= Hmar literature =

Hmar literature primarily refers to the body of literature written in the Hmar language, the principal language of the Hmar people. It may also include literary and academic works on Hmar history, culture, and society written in English, Mizo, or other languages. It includes folktales and folksongs originating from oral traditions, as well as modern forms of written literature that developed following the community's Christianization in the late 19th century in Mizoram. The Hmar language, in which this literature is written, adopted the Roman script during the colonial period. The script was introduced in 1894 by British missionaries, notably Frederick William Savidge and James Herbert Lorrain.
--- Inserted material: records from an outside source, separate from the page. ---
(* For every path $\pi$, every message $t$ and all $i,k\in\mathbb{N}$ with $i\le k$: if $\pi(k)$ has $t$, then either $\pi(i)$ is a subterm of $\pi(k)$, or there exists $j\in\mathbb{N}$ with $i\le j<k$ and $\pi(j+1)=\mathrm{ex}(t,\pi(j))$.
   Context: Messages form a set $\mathcal{T}$ (terms of a cryptographic message algebra; only their identity matters here). TPM machine states are the terms of sort $\mathsf{M}$ generated by a constant $\mathrm{bt}$ (boot) and a constructor $\mathrm{ex}:\mathcal{T}\times\mathsf{M}\to\mathsf{M}$ (extend); these are free constructors, so distinct terms are distinct states. The TPM transition relation $\leadsto$ on states is defined by: $m_0\leadsto m_1$ iff $m_1=\mathrm{bt}$, or $m_1=\mathrm{ex}(t,m_0)$ for some message $t$, or $m_0=m_1$. A path is an infinite sequence $\pi:\mathbb{N}\to\mathsf{M}$ with $\pi(0)=\mathrm{bt}$ and $\pi(i)\leadsto\pi(i+1)$ for all $i$. A state $m$ has a message $t$ if some state of the form $\mathrm{ex}(t,m')$ is a subterm of $m$ (e.g. $\mathrm{ex}(\text{obtain},\mathrm{ex}(v,\mathrm{bt}))$ has obtain and $v$ but not refuse). For states, $m$ is a subterm of $m'$ means $m'=\mathrm{ex}(t_1,\mathrm{ex}(t_2,\dots\mathrm{ex}(t_r,m)\dots))$ for some $r\ge 0$ and messages $t_1,\dots,t_r$. *)

(* Messages are an arbitrary type T (only identity matters). *)
From Stdlib Require Import Arith Lia.

Inductive state (T : Type) : Type :=
| bt : state T
| ex : T -> state T -> state T.
Arguments bt {T}.
Arguments ex {T} _ _.

Definition step {T : Type} (m0 m1 : state T) : Prop :=
  m1 = bt \/ (exists t, m1 = ex t m0) \/ m0 = m1.

Definition is_path {T : Type} (pi : nat -> state T) : Prop :=
  pi 0 = bt /\ forall i, step (pi i) (pi (i + 1)).

Inductive subterm {T : Type} : state T -> state T -> Prop :=
| subterm_refl : forall m, subterm m m
| subterm_ex : forall m t m', subterm m m' -> subterm m (ex t m').

Definition has_msg {T : Type} (m : state T) (t : T) : Prop :=
  exists m', subterm (ex t m') m.

(** A reboot step leaves no message and a stuttering step
    changes nothing, so only an extension [ex s (pi k)] can matter: if [s = t]
    this step is the witness [j = k], otherwise [t] was already in [pi k] and
    the induction hypothesis applies, a subterm of [pi k] being also a
    subterm of [ex s (pi k)]. *)
From Stdlib Require Import Arith Lia.

Lemma has_msg_bt {T : Type} {t : T} : ~ has_msg bt t.
Proof. intros [m' H]; inversion H. Qed.

Lemma has_msg_ex_inv {T : Type} {s t : T} {m : state T} :
  has_msg (ex s m) t -> s = t \/ has_msg m t.
Proof.
  intros [m' H]; inversion H; subst.
  - left; reflexivity.
  - right; exists m'; assumption.
Qed.

Section StepSequence.

Context {T : Type} {pi : nat -> state T} {t : T}.
Hypothesis pi_step : forall n, step (pi n) (pi (n + 1)).

Definition added_between (i k : nat) : Prop :=
  exists j, i <= j /\ j < k /\ pi (j + 1) = ex t (pi j).

Lemma added_between_widen (i k : nat) :
  added_between i k -> added_between i (S k).
Proof. intros [j (Hij & Hjk & Hj)]; exists j; repeat split; auto; lia. Qed.

Lemma subterm_or_added {i k : nat} :
  i <= k -> has_msg (pi k) t ->
  subterm (pi i) (pi k) \/ added_between i k.
Proof.
  induction 1 as [|k Hik IH]; intros Hmsg.
  - left; constructor.
  - rewrite <- Nat.add_1_r in Hmsg |- *.
    destruct (pi_step k) as [Hbt | [[s Hex] | Hsame]].
    + rewrite Hbt in Hmsg; destruct (has_msg_bt Hmsg).
    + rewrite Hex in Hmsg |- *.
      destruct (has_msg_ex_inv Hmsg) as [Hst | Hold].
      * right; exists k; repeat split; [assumption | lia | rewrite Hex, Hst; reflexivity].
      * destruct (IH Hold) as [Hsub | Hadd].
        -- left; constructor; exact Hsub.
        -- right; rewrite Nat.add_1_r; apply added_between_widen; exact Hadd.
    + rewrite <- Hsame in Hmsg |- *.
      destruct (IH Hmsg) as [Hsub | Hadd]; [left; exact Hsub |].
      right; rewrite Nat.add_1_r; apply added_between_widen; exact Hadd.
Qed.

End StepSequence.

Theorem lemma1 (T : Type) (pi : nat -> state T) (t : T) (i k : nat) :
  is_path pi -> i <= k -> has_msg (pi k) t ->
  subterm (pi i) (pi k) \/
  (exists j, i <= j /\ j < k /\ pi (j + 1) = ex t (pi j)).
Proof.
  intros [_ Hstep] Hik Hmsg.
  exact (subterm_or_added Hstep Hik Hmsg).
Qed.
When the linguist G. A. Grierson published Linguistic Survey of India, Volume III, Part III, page 259 contained a translated version of the biblical parable The Prodigal Son in the Hmar language, titled Naupa Tlanhmang. This is regarded as the earliest known example of written Hmar literature.

== Grammar ==
The Hmar alphabet (called Hawrawp) consists of a modified version of the Roman alphabet. They are:

Hmar Hawrawp
| A | Aw | B | Ch | D | E | F | G | Ng | H |
| I | J | K | L | M | N | O | P | R | S |
| T | Ṭ | U | V | Z |

== Hmar Literature Society ==
The Hmar Literature Society (HLS) was founded under the leadership of Dr. Thanglung on 25 September 1945. Its founding members included Thanglung, Mahajon Hmaipawng, Compounder K. Luoia, and Compounder Nguna.

== Thanglung ==
Thanglung (formally Dr. Thanglung Sanate) is considered as the 'Father of Hmar Literature.' Thanglung developed several early educational books in Hmar language, including Hriselna Kawng (1949), Sierkawp Bu (1950), Geometry Bu (1950), Leihnuoi Ram Thu (1951) and Dictionary (1952).

== Oral literature ==
=== Folk songs ===

Early folk songs
| Sikpuilam Hla | Chawnlam Hla | Lamlam Hla | Ruolhlui Hla | Liendang Hla |
| Muchiei Hla | Kawlngo Hla | Chawngngo Hla | Kelkhuong Hla | Chawnhnieng Hla |
| Bapuinu Hla | Chawnhmuok Hla | Tlangzai Hla | Tuoilur Nu Tap Hla | Semruk Hla |
| Tuoni Hla | Thlangtlak Hla | Butu Khuonglawm | Ralngam le Dawikungpui Indawituona Hla | Zawltling Hla |
| Sawlthona Hlado | Ral Hlado | Savawm Hlado | Naufahra Hlado | Sikpuilam Hla (Saia Ketet Hla) |
| Hranglam Hla | Darlam Hla | Salulam Hla |  |

The Sikpui Hla is one of the most well-known folk songs of the Hmar people. It recounts a purported exodus of the community and has been interpreted by some as linking the Hmar people to a "lost" tribe of Israel. However, this interpretation has been widely rejected by scholars.

SIKPUI HLA
Sikpui inthang kan ur laia,
Chang tuipui aw, senma hrili kang intang.
Kera lâwn a, ka leido aw
Sunah sum ang, zânah mei lâwn invâk e.
Ân tûr a sa, thlu a ruol aw,
In phawsiel le in râl feite zuong thaw ro.
Sunra zûla, ka leido aw,
Ke ra lâwn a, meisûm ang lâwn invâk e
Sun ra zula, ka leido aw,
Laimi sa ang chang tuipuiin lem zova
A varuol aw la ta che,
Suonglung chunga tuizuong put kha la ta che.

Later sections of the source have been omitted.